What to work on |
Reproduce exactly, and only, the lines below from the one containing "rewrite -ge0_integralZr //; last 2 first." through the one containing "End corollary.".

(Data for the task begins)

Lemma coprimez2_odd w : ~~ (2 %| w)%Z -> coprimez 2 w.
Proof. by rewrite coprimezE coprime2n -[odd _]negbK -dvdn2. Qed.

Lemma gcdz_eq1 m n : (gcdz m n %| 1)%Z -> gcdz m n = 1.
Proof. by rewrite /gcdz dvdz1 => /eqP /= ->. Qed.

Lemma dvdz2_sqr x : (2 %| x ^+ 2)%Z = (2 %| x)%Z.
Proof. by rewrite !dvdzE abszX /= Euclid_dvdX // andbT. Qed.

Lemma dvdz_mul2_odd m c x :
  m != 0 -> ~~ (2 %| c)%Z -> (m * 2 %| m * c * x)%Z = (2 %| x)%Z.
Proof. by move=> m_neq0 c_odd; rewrite -mulrA dvdz_mul2l // Gauss_dvdzr ?coprimez2_odd. Qed.

Lemma odd_of_mul_eq_minor w De f11 f22 f12 :
  w * De = f11 * f22 - f12 ^+ 2 -> (2 %| f11)%Z -> ~~ (2 %| f12)%Z -> ~~ (2 %| w)%Z.
Proof.
move=> eq_w f11_even; apply: contra => w_even.
by rewrite -dvdz2_sqr -(rpredBl _ (dvdz_mulr f22 f11_even)) -eq_w dvdz_mulr.
Qed.

Lemma dvdz_gcd6 d x1 x2 x3 x4 x5 x6 :
  (d %| gcd6 x1 x2 x3 x4 x5 x6)%Z =
  [&& (d %| x1)%Z, (d %| x2)%Z, (d %| x3)%Z, (d %| x4)%Z, (d %| x5)%Z & (d %| x6)%Z].
Proof. by rewrite /gcd6 !dvdz_gcd. Qed.

Lemma gcd6_mull m x1 x2 x3 x4 x5 x6 : 0 <= m ->
  gcd6 (m * x1) (m * x2) (m * x3) (m * x4) (m * x5) (m * x6) = m * gcd6 x1 x2 x3 x4 x5 x6.
Proof. by move=> m_ge0; rewrite /gcd6; do 5 rewrite -mulz_gcdr gez0_abs //. Qed.

Lemma gcd6_double_even (x1 x2 x3 x4 x5 x6 : int) :
  gcd6 x1 x2 x3 x4 x5 x6 = 1 -> (2 %| x1)%Z -> (2 %| x2)%Z -> (2 %| x3)%Z ->
  gcd6 x1 x2 x3 (2 * x4) (2 * x5) (2 * x6) = 2.
Proof.
move=> gcd1 e1 e2 e3; set G := gcd6 _ _ _ _ _ _.
have dvd_G2 : (G %| 2 * gcd6 x1 x2 x3 x4 x5 x6)%Z.
  have := dvdzz G; rewrite {2}/G dvdz_gcd6 => /and5P[d1 d2 d3 d4 /andP[d5 d6]].
  by rewrite -gcd6_mull // dvdz_gcd6 d4 d5 d6 !dvdz_mull.
rewrite gcd1 mulr1 in dvd_G2.
have dvd_2G : (2 %| G)%Z by rewrite dvdz_gcd6 e1 e2 e3 !dvdz_mulr.
rewrite /G /gcd6 /gcdz; congr Posz; apply/eqP; rewrite eqn_dvd.
by apply/andP; split; [exact: dvd_G2 | exact: dvd_2G].
Qed.

Lemma det_mx2 (R : comPzRingType) (B : 'M[R]_2) : \det B = B 0 0 * B 1 1 - B 0 1 * B 1 0.
Proof.
rewrite (expand_det_row _ 0) !big_ord_recr big_ord0 /= /cofactor !det_mx11 !mxE /=.
rewrite expr0 expr1 add0r mul1r.
have -> : lift 0 0 = 1 :> 'I_2 by apply/val_inj.
have -> : lift (widen_ord (leqnSn 1) ord_max) 0 = 1 :> 'I_2 by apply/val_inj.
have -> : lift ord_max 0 = 0 :> 'I_2 by apply/val_inj.
have -> : widen_ord (leqnSn 1) ord_max = 0 :> 'I_2 by apply/val_inj.
have -> : ord_max = 1 :> 'I_2 by apply/val_inj.
ring.
Qed.

Definition symmx3 (a11 a22 a33 a23 a13 a12 : int) : 'M[int]_3 :=
  \matrix_(i, j) match nat_of_ord i, nat_of_ord j with
                 | 0, 0 => a11 | 1, 1 => a22 | 2, 2 => a33
                 | 1, 2 | 2, 1 => a23 | 0, 2 | 2, 0 => a13 | _, _ => a12 end.

Lemma sum_ord3 (R : nmodType) (F : 'I_3 -> R) :
  \sum_j F j = F (inord 0) + F (inord 1) + F (inord 2).
Proof.
rewrite !big_ord_recr big_ord0 /= add0r.
by congr (F _ + F _ + F _); apply/val_inj; rewrite /= inordK.
Qed.

Lemma sum_ord2 (R : nmodType) (F : 'I_2 -> R) : \sum_j F j = F 0 + F 1.
Proof. by rewrite !big_ord_recr big_ord0 /= add0r; congr (F _ + F _); apply/val_inj. Qed.

Section SymmetricTernary.
Variables a11 a22 a33 a23 a13 a12 : int.
Local Notation A := (symmx3 a11 a22 a33 a23 a13 a12).

Local Ltac expand := rewrite !mxE /= ?inordK //= /bump /=.

Lemma cof3_symmx3_00 : cof3 A 0 0 = a22 * a33 - a23 ^+ 2.
Proof. rewrite /cof3 /cofactor det_mx2; expand; ring. Qed.
Lemma cof3_symmx3_11 : cof3 A 1 1 = a11 * a33 - a13 ^+ 2.
Proof. rewrite /cof3 /cofactor det_mx2; expand; ring. Qed.
Lemma cof3_symmx3_22 : cof3 A 2 2 = a11 * a22 - a12 ^+ 2.
Proof. rewrite /cof3 /cofactor det_mx2; expand; ring. Qed.
Lemma cof3_symmx3_12 : cof3 A 1 2 = a12 * a13 - a11 * a23.
Proof. rewrite /cof3 /cofactor det_mx2; expand; ring. Qed.
Lemma cof3_symmx3_02 : cof3 A 0 2 = a12 * a23 - a22 * a13.
Proof. rewrite /cof3 /cofactor det_mx2; expand; ring. Qed.
Lemma cof3_symmx3_01 : cof3 A 0 1 = a13 * a23 - a12 * a33.
Proof. rewrite /cof3 /cofactor det_mx2; expand; ring. Qed.

Lemma det_symmx3 : \det A = a11 * cof3 A 0 0 + a12 * cof3 A 0 1 + a13 * cof3 A 0 2.
Proof. by rewrite (expand_det_row _ (inord 0)) sum_ord3 /cof3; expand. Qed.

Lemma tau3_symmx3 : tau3 A = gcd6 a11 a22 a33 a23 a13 a12.
Proof. by rewrite /tau3 /ent; expand. Qed.

Lemma sigma3_symmx3 : sigma3 A = gcd6 a11 a22 a33 (2 * a23) (2 * a13) (2 * a12).
Proof. by rewrite /sigma3 /ent; expand. Qed.

Lemma symmx3_sym : symmx A.
Proof.
apply/matrixP => i j; rewrite !mxE.
by case: i j => [[|[|[|//]]] ?] [[|[|[|//]]] ?].
Qed.
(* Let $n\geq 3$ be an integer and $p$ a prime with $\gcd(n,p(p-1))=1$. Then: (i) for every integer $r\geq\lfloor n/2\rfloor+1$ and all nonzero integers $a_1,\ldots,a_r$, the form $F=a_1x_1^n+\cdots+a_rx_r^n$ satisfies that $R(F)$ is dense in $\mathbb{Q}_p$; (ii) there exist nonzero integers $a_1,\ldots,a_s$ with $s=\lfloor n/2\rfloor$ such that for $F=a_1x_1^n+\cdots+a_sx_s^n$ the set $R(F)$ is not dense in $\mathbb{Q}_p$. Thus $\lfloor n/2\rfloor+1=\lceil (n+1)/2\rceil$ is the least $r$ such that every integral diagonal form of degree $n$ with all coefficients nonzero in at least $r$ variables has $R(F)$ dense in $\mathbb{Q}_p$.
   Context: For an integral form $F$ in $r$ variables, $R(F)=\{F(\overline{x})/F(\overline{y}):\overline{x},\overline{y}\in\mathbb{Z}^r,\ F(\overline{y})\neq 0\}$, viewed as a subset of the field $\mathbb{Q}_p$ of $p$-adic numbers with its $p$-adic topology. *)

From HB Require Import structures.
From mathcomp Require Import all_boot all_order all_algebra.
Set Implicit Arguments. Unset Strict Implicit. Unset Printing Implicit Defensive.
Import Order.TTheory GRing.Theory Num.Theory.
Local Open Scope ring_scope.

Definition vp (p : nat) (q : rat) : int :=
  (logn p `|numq q|%N)%:Z - (logn p `|denq q|%N)%:Z.

Definition padic_abs (p : nat) (q : rat) : rat :=
  if q == 0 then 0 else (p%:R : rat) ^ (- vp p q).
(* Run Variation-aware UCRL for $T$ steps, and assume that for every episode $k$ (started at a step $t_k\le T$) the plausible set $\mathcal M_k$ contains all MDPs $M_\tau$, $\tau=1,\dots,T$. Then for all such $k$ and all states $s$, \[v^*_T(s)\le T\tilde\rho_k+D.\]
   Context: Let $\mathcal S$ be a finite set of $S$ states and $\mathcal A$ a finite set of $A$ actions. A (time-homogeneous) MDP has mean rewards $\bar r(s,a)\in[0,1]$ and transition probabilities $p(\cdot\mid s,a)$; it is communicating if every state can be reached from every other with positive probability by suitable actions; its diameter is $\max_{s\ne s'}\min_\pi\mathbb E[T(s'\mid s,\pi)]$ with $T(s'\mid s,\pi)$ the first time $s'$ is reached from $s$ under stationary policy $\pi$. $\rho(M,\pi)=\lim_{n}\frac1n\mathbb E[\sum_{t=1}^nr_t]$, $\rho^*(M)=\max_\pi\rho(M,\pi)$. Changing environment: for every step $t$ there is an MDP $M_t=(\mathcal S,\mathcal A,\bar r_t,p_t,s_1)$ (fixed in advance); at step $t$ in state $s_t$ the learner chooses $a_t$, receives a reward $r_t\in[0,1]$ with mean $\bar r_t(s_t,a_t)$, and moves to $s_{t+1}\sim p_t(\cdot\mid s_t,a_t)$. Every $M_t$ is communicating with diameter at most $D$. $v^*_T(s)$ is the maximal expected sum of the first $T$ rewards achievable by any (possibly time- and history-dependent) policy started in $s$ in this environment. Variation-aware UCRL (inputs $\delta\in(0,1)$, $\tilde V^r,\tilde V^p\ge0$) proceeds in episodes $k=1,2,\dots$ starting at steps $t_k$ ($t_1=1$). $N_k(s,a)$ is the number of steps $\tau<t_k$ with $(s_\tau,a_\tau)=(s,a)$; $\hat r_k(s,a)=\sum_{\tau<t_k}r_\tau\mathbb 1\{s_\tau=s,a_\tau=a\}/\max(1,N_k(s,a))$, $\hat p_k(s'\mid s,a)=\#\{\tau<t_k:s_\tau=s,a_\tau=a,s_{\tau+1}=s'\}/\max(1,N_k(s,a))$. The plausible set $\mathcal M_k$ consists of all MDPs with rewards $\tilde r$, transitions $\tilde p$ satisfying for all $(s,a)$: $|\tilde r(s,a)-\hat r_k(s,a)|\le\tilde V^r+\sqrt{8\log(8SAt_k^3/\delta)/\max(1,N_k(s,a))}$ and $\|\tilde p(\cdot\mid s,a)-\hat p_k(\cdot\mid s,a)\|_1\le\tilde V^p+\sqrt{8S\log(8SAt_k^3/\delta)/\max(1,N_k(s,a))}$. The optimistic value is $\tilde\rho_k=\max_{M'\in\mathcal M_k}\rho^*(M')$; the algorithm plays an optimal policy of a maximizing MDP $\tilde M_k\in\mathcal M_k$ during episode $k$, which lasts as long as $v_k(s_t,\tilde\pi_k(s_t))<\max(1,N_k(s_t,\tilde\pi_k(s_t)))$ where $v_k$ counts visits in episode $k$. *)

From mathcomp Require Import all_boot all_order all_algebra.
From mathcomp Require Import all_classical all_reals all_analysis.
Set Implicit Arguments.
Unset Strict Implicit.
Unset Printing Implicit Defensive.
Import Order.TTheory GRing.Theory Num.Theory.
Local Open Scope ring_scope.
Local Open Scope classical_set_scope.
Lemma eq_in_Q M B q q' :
  (forall m b, (1 <= m <= M)%N -> b \in B -> q m b = q' m b) ->
  in_Q M B q' -> in_Q M B q.
Proof.
move=> qq' [q01 [q1 qdom]]; split; [|split].
- by move=> m b mM bB; rewrite qq' //; exact: q01.
- by move=> m mM; rewrite -(q1 m mM); apply: eq_big_seq => b /qq'->.
- move=> m b' m1 mM b'B.
  have cdf_qq' k : (1 <= k <= M)%N -> cdf B (q k) b' = cdf B (q' k) b'.
    move=> kM; rewrite /cdf big_seq_cond [RHS]big_seq_cond.
    by apply: eq_bigr => b /andP[bB _]; exact: qq'.
  have [mM' m1M] : (1 <= m <= M)%N /\ (1 <= m.+1 <= M)%N by rewrite m1 ltnW.
  by rewrite -/(cdf B (q m) b') -/(cdf B _ b') !cdf_qq' //; exact: qdom.
Qed.

Lemma in_Q_q_of M B b0 pi : uniq B -> b0 \in B -> in_Pi M B pi ->
  in_Q M B (q_of B b0 pi).
Proof.
move=> uB b0B piP; split; [|split].
- move=> m b mM bB; have dq := q_of_distribution piP b0B mM.
  by rewrite dq.1 // (distribution_le1 uB dq).
- by move=> m mM; exact: (q_of_distribution piP b0B mM).2.
- by move=> m b' m1 mM _; exact: cdf_q_of_le b' piP b0B m1 mM.
Qed.

Lemma in_Q_distribution M B q m : in_Q M B q -> (1 <= m <= M)%N ->
  distribution B (q m).
Proof.
by move=> [q01 [q1 _]] mM; split=> [b /(q01 m b mM) /andP[] | ]; last exact: q1.
Qed.

Lemma lowering_row_delta B b : uniq B -> b \in B ->
  lowering_row B b (fun b' => (b == b')%:R).
Proof.
move=> uB bB; split=> [b' _ | b' _ bb' | ]; first by case: (b == b'); rewrite ?lexx ?ler01.
  by rewrite lt_eqF.
rewrite big_mkcond (bigD1_seq b) //= lexx eqxx big1 ?addr0 // => c cb.
by rewrite eq_sym (negbTE cb); case: ifP.
Qed.

Lemma lowering_row_top B b0 p : uniq B -> distribution B p ->
  {in B, forall b, b <= b0} -> lowering_row B b0 p.
Proof.
move=> uB dp top; split=> [b bB | b bB b0b | ].
- by rewrite dp.1 // (distribution_le1 uB dp).
- by have := top b bB; rewrite leNgt b0b.
- by rewrite -dp.2 big_mkcond; apply: eq_big_seq => b /top ->.
Qed.
Lemma lebesgue_C2_D_le :
  lebesgue (mink_sum C M `&` F2) + lebesgue (D `&` F1) * (2^-1)%:E
    <= lebesgue (C1 `&` F1).
Proof.
have int_count S : measurable (S : set (Rm R m)) -> (forall l, L1 l -> shift S l = S) ->
    \int[lebesgue]_(x in F2) cover_count L2 S x = lebesgue (S `&` F1).
  by move=> mS invS; rewrite integral_cover_count // esum_lebesgue_shift_fund_domain.
have mC2 : measurable (mink_sum C1 L2 : set (Rm R m)) by exact: measurable_mink_sum.
have mind : measurable_fun (F2 : set (Rm R m))
    (fun x : Rm R m => (\1_(mink_sum C1 L2) x)%:E : \bar R).
  exact/measurable_EFinP/measurable_indic.
have mcount S : measurable (S : set (Rm R m)) ->
    measurable_fun (F2 : set (Rm R m)) (cover_count L2 S : Rm R m -> _).
  by move=> mS; exact: measurable_funS (measurable_cover_count _ _).
have mhalf : measurable_fun (F2 : set (Rm R m))
    (fun x : Rm R m => cover_count L2 D x * (2^-1)%:E).
  by apply: emeasurable_funM; [exact: mcount | exact: measurable_cst].
have half0 x : F2 x -> 0 <= cover_count L2 D x * (2^-1)%:E.
  by move=> _; apply: mule_ge0; [exact: cover_count_ge0 | rewrite lee_fin].
rewrite -int_count // -int_count // mink_sumA -integral_indic //.
rewrite -ge0_integralZr //; last 2 first.
- exact: mcount.
- by move=> x _; exact: cover_count_ge0.
rewrite -ge0_integralD //; apply: ge0_le_integral => //.
- by move=> x F2x; apply: adde_ge0; [rewrite lee_fin | exact: half0].
- exact: emeasurable_funD.
- exact: mcount.
- by move=> x _; exact: cover_count_twice_ineq.
Qed.

End corollary.

Local Open Scope classical_set_scope.
Local Open Scope ring_scope.

Theorem corollary2p14 (R : realType) (m : nat)
  (L1 L2 : set 'rV[R]_m) (C : set 'rV[R]_m)
  (F1 F2 : set 'rV[R]_m) :
  is_subgroup L1 -> is_subgroup L2 ->
  L1 `&` L2 = [set 0] ->
  covol1_lattice (mink_sum L1 L2) ->
  compact C ->
  fund_domain L1 F1 ->
  fund_domain (mink_sum L1 L2) F2 ->
  let C1 := mink_sum C L1 in
  let C2 := mink_sum C (mink_sum L1 L2) in
  let D1 := quot_leb F1
        [set x | C1 x /\ exists l l' : 'rV[R]_m, [/\ L2 l, L2 l', l != l',
                    mink_sum C1 [set l] x & mink_sum C1 [set l'] x]] in
  (quot_leb F2 C2 <= quot_leb F1 C1 - D1 * (2^-1)%:E)%E.
Proof.
(* The lets sit under the [is_true] coercion, so they are unfolded rather than introduced. *)
move=> gL1 gL2 L12 /covol1_lattice_countable cM cC fdF1 fdF2; cbv zeta.
have C1_fin : quot_leb F1 (mink_sum C L1) \is a fin_num.
  by rewrite ge0_fin_numE ?leb_ge0 //; exact: (lebesgue_C1_F1_fin gL1 gL2 cM cC fdF1).
by rewrite lee_suber_addr //; exact: (lebesgue_C2_D_le gL1 gL2 L12 cM cC fdF1 fdF2).
Qed.
(* Let $P$ be a Young diagram contained in a $\delta\times\delta$ square and $C_P\subset Gr(\delta,V)$ the corresponding Schubert cell. Then $C_P\cap\overline{JF}\neq\emptyset$ if and only if $P$ is simultaneously an $m$-core and an $n$-core. In that case all $W\in C_P$ have the same set $\Delta(W)=:\Delta_P$, and $C_P\cap\overline{JF}=\{W\in\overline{JF}:\Delta(W)=\Delta_P\}$, which is a cell of Piontkowski's affine cell decomposition of $\overline{JF}$.
   Context: Let $m,n$ be coprime positive integers, $\delta=\frac{(m-1)(n-1)}2$, $R=\mathbb{C}[[t^n,t^m]]\subset\mathbb{C}[[t]]$, and $V=\mathbb{C}[[t]]/t^{2\delta}\mathbb{C}[[t]]$, with filtration $V=V_{2\delta}\supset V_{2\delta-1}\supset\dots\supset V_0=0$, $V_i=t^{2\delta-i}V$. The Jacobi factor $\overline{JF}\subset Gr(\delta,V)$ is the subvariety of $\delta$-dimensional subspaces $W\subset V$ invariant under multiplication by $R$ (equivalently, $R$-submodules $M\subset\mathbb{C}[[t]]$ containing $t^{2\delta}\mathbb{C}[[t]]$ of codimension $\delta$). For a Young diagram $P$ in a $\delta\times\delta$ square with rows $p_1\le\dots\le p_\delta$, the Schubert cell $C_P$ is the set of $W\in Gr(\delta,V)$ with $\dim(W\cap V_i)=\#\{j: p_j+j\le i\}$ for all $i$. For $W\subset V$ set $\Delta(W)=\{d\in\mathbb{Z}: \exists p\in W,\ p\in V_{2\delta-d}\setminus V_{2\delta-d-1}\}\cup[2\delta,\infty)$ (the set of $t$-adic orders of elements of $W$, together with all integers $\ge2\delta$). Piontkowski's cell decomposition of $\overline{JF}$ has cells $\{W\in\overline{JF}:\Delta(W)=\Delta\}$, each an affine space. A Young diagram is a $p$-core if none of its boxes has hook length equal to $p$. *)

(* The field of complex numbers is modelled as
   [complex R] (= R[i]) for an arbitrary [R : realType]; since every
   realType is a complete archimedean ordered field, R is (isomorphic to)
   the real numbers and R[i] is (isomorphic to) C. *)
From HB Require Import structures.
From mathcomp Require Import all_boot all_order all_algebra.
From mathcomp Require Import reals.
From mathcomp Require Import complex.
Set Implicit Arguments. Unset Strict Implicit. Unset Printing Implicit Defensive.
Import GRing.Theory Num.Theory.
Local Open Scope ring_scope.
(* Let $n\ge2$, $\kappa\ge1$ with $n>\kappa+1$, and let $G\in\mathcal G_{[n;\kappa]}$ be skew-symmetric. Then $c_i(x)=0$ for every profile $x\in\{1,\dots,\kappa\}^n$ and every $i=1,\dots,n$.
   Context: A finite game $G\in\mathcal G_{[n;\kappa]}$ has players $\{1,\dots,n\}$, each with strategy set $\{1,\dots,\kappa\}$, and payoff functions $c_i:\{1,\dots,\kappa\}^n\to\mathbb R$. $G$ is skew-symmetric if for every permutation $\sigma\in\mathbf S_n$, every $i$ and every profile, $c_i(x_1,\dots,x_n)=\mathrm{sgn}(\sigma)\,c_{\sigma(i)}(x_{\sigma^{-1}(1)},\dots,x_{\sigma^{-1}(n)})$. *)

From mathcomp Require Import all_boot all_order all_algebra all_fingroup.
From mathcomp Require Import all_reals.
Set Implicit Arguments. Unset Strict Implicit. Unset Printing Implicit Defensive.
Import GRing.Theory Num.Theory.
Local Open Scope ring_scope.

(* A finite game in G_[n;kappa]: players 'I_n (= {1..n} shifted to 0-based),
   strategies 'I_kappa, profiles {ffun 'I_n -> 'I_kappa}, and payoff
   functions c i : profile -> R (R a real number type). *)
Definition profile (n kappa : nat) := {ffun 'I_n -> 'I_kappa}.
Definition game (R : Type) (n kappa : nat) := 'I_n -> profile n kappa -> R.

Definition perm_profile n kappa (s : 'S_n) (x : profile n kappa) : profile n kappa :=
  [ffun j => x (s^-1%g j)].

Definition sgn (R : pzRingType) n (s : 'S_n) : R := (-1) ^+ odd_perm s.

Definition skew_symmetric (R : pzRingType) n kappa (c : game R n kappa) : Prop :=
  forall (s : 'S_n) (i : 'I_n) (x : profile n kappa),
    c i x = sgn R s * c (s i) (perm_profile s x).

From mathcomp Require Import all_boot all_order all_algebra all_fingroup.
From mathcomp Require Import all_reals.

Set Implicit Arguments.
Unset Strict Implicit.
Unset Printing Implicit Defensive.
Import GRing.Theory Num.Theory.
Local Open Scope ring_scope.

(* Among the n - 1 > kappa opponents of player i, two players j, k must use the
   same strategy. The transposition (j k) then fixes both i and the profile, so
   skew-symmetry gives c_i(x) = sgn(j k) c_i(x) = - c_i(x), whence c_i(x) = 0. *)

Lemma exists_collision_in (T T' : finType) (f : T -> T') (A : {pred T}) :
  (#|T'| < #|A|)%N ->
  exists j, exists k, [/\ j \in A, k \in A, j != k & f j = f k].
Proof.
move=> ltT'A.
have [/existsP[j /existsP[k /and4P[jA kA neq_jk /eqP fjk]]]
      |/existsPn no_collision] := boolP [exists j, exists k, [&& j \in A, k \in A, j != k & f j == f k]].
  by exists j, k.
suff : (#|A| <= #|T'|)%N by rewrite leqNgt ltT'A.
apply: (leq_card_in f) => j k jA kA fjk; apply/eqP/negPn/negP => neq_jk.
by have /existsPn/(_ k) := no_collision j; rewrite jA kA neq_jk fjk eqxx.
Qed.

Lemma perm_profile_tperm n kappa (x : profile n kappa) (j k : 'I_n) :
  x j = x k -> perm_profile (tperm j k) x = x.
Proof.
move=> xjk; apply/ffunP => l; rewrite ffunE tpermV.
by case: tpermP => // ->.
Qed.

Lemma eq_oppr_eq0 (R : numDomainType) (a : R) : a = - a -> a = 0.
Proof.
move/eqP; rewrite -addr_eq0 -mulr2n mulrn_eq0 /=.
by move/eqP.
Qed.

Lemma skew_symmetric_eq0_collision (R : numDomainType) n kappa
    (c : game R n kappa) (x : profile n kappa) (i j k : 'I_n) :
  skew_symmetric c -> j != k -> j != i -> k != i -> x j = x k -> c i x = 0.
Proof.
move=> skew_c neq_jk neq_ji neq_ki xjk; apply: eq_oppr_eq0.
have tperm_fixes_i : tperm j k i = i by rewrite tpermD // eq_sym.
rewrite {1}(skew_c (tperm j k)) tperm_fixes_i perm_profile_tperm //.
by rewrite /sgn odd_tperm neq_jk mulN1r.
Qed.

Theorem proposition4p1 (R : realType) (n kappa : nat) (c : game R n kappa) :
  (2 <= n)%N -> (1 <= kappa)%N -> (kappa.+1 < n)%N ->
  skew_symmetric c ->
  forall (x : profile n kappa) (i : 'I_n), c i x = 0.
Proof.
move=> _ _ lt_kappa_n skew_c x i.
have lt_kappa_opponents : (#|'I_kappa| < #|[set~ i]|)%N.
  by rewrite cardsC1 !card_ord -ltnS (ltn_predK lt_kappa_n).
have [j [k [jA kA neq_jk xjk]]] :=
  exists_collision_in (fun j => x j) lt_kappa_opponents.
move: jA kA; rewrite !in_setC1 => neq_ji neq_ki.
exact: skew_symmetric_eq0_collision skew_c neq_jk neq_ji neq_ki xjk.
Qed.
(* Let $E$ be a separable Banach space over $K$ and let $X=(X_1,\dots,X_n)$ be a vector of independent, identically distributed, $E$-valued $K$-Gaussian random variables. Let $\{\alpha_1,\dots,\alpha_m\}$ be an orthogonal set in $K^n$, where $\alpha_j=(\alpha_{j,1},\dots,\alpha_{j,n})$, and let $A$ be the $n\times m$ matrix whose $j$-th column is $\alpha_j$. Then $Y=XA$, i.e. $Y_j=\sum_{i=1}^n\alpha_{j,i}X_i$ for $1\le j\le m$, is a vector of independent $K$-Gaussian random variables.
   Context: $K$ is a local field (locally compact, non-discrete, totally disconnected topological field) with its non-archimedean absolute value $|\cdot|$ ($|x|=0\iff x=0$, $|xy|=|x||y|$, $|x+y|\le|x|\vee|y|$). A normed space over $K$ is a $K$-vector space with $\|\cdot\|$ satisfying $\|x\|=0\iff x=0$, $\|\alpha x\|=|\alpha|\|x\|$, $\|x+y\|\le\|x\|\vee\|y\|$; a Banach space if complete. $K^n$ has norm $|(x_1,\dots,x_n)|=|x_1|\vee\dots\vee|x_n|$. A subset $F$ of a normed space is orthogonal if $\|\sum_{i=1}^k\beta_ix_i\|=\bigvee_{i=1}^k|\beta_i|\|x_i\|$ for all finite $\{x_1,\dots,x_k\}\subset F$ and $\beta_i\in K$; orthonormal if moreover each element has norm $1$. For a separable Banach space $E$ over $K$, an $E$-valued random variable $X$ is $K$-Gaussian if whenever $X_1,X_2$ are independent copies of $X$ and $(\alpha_{11},\alpha_{12}),(\alpha_{21},\alpha_{22})$ is an orthonormal pair in $K^2$, $(\alpha_{11}X_1+\alpha_{12}X_2,\alpha_{21}X_1+\alpha_{22}X_2)$ has the same law as $(X_1,X_2)$. *)

From HB Require Import structures.
From mathcomp Require Import all_boot all_order all_algebra.
From mathcomp Require Import all_classical all_reals all_analysis.
Set Implicit Arguments. Unset Strict Implicit. Unset Printing Implicit Defensive.
Import Order.TTheory GRing.Theory Num.Theory.
Local Open Scope classical_set_scope.
Local Open Scope ring_scope.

(Data for the task ends)

Answer area |
rewrite -ge0_integralZr //; last 2 first.
- exact: mcount.
- by move=> x _; exact: cover_count_ge0.
rewrite -ge0_integralD //; apply: ge0_le_integral => //.
- by move=> x F2x; apply: adde_ge0; [rewrite lee_fin | exact: half0].
- exact: emeasurable_funD.
- exact: mcount.
- by move=> x _; exact: cover_count_twice_ineq.
Qed.

End corollary.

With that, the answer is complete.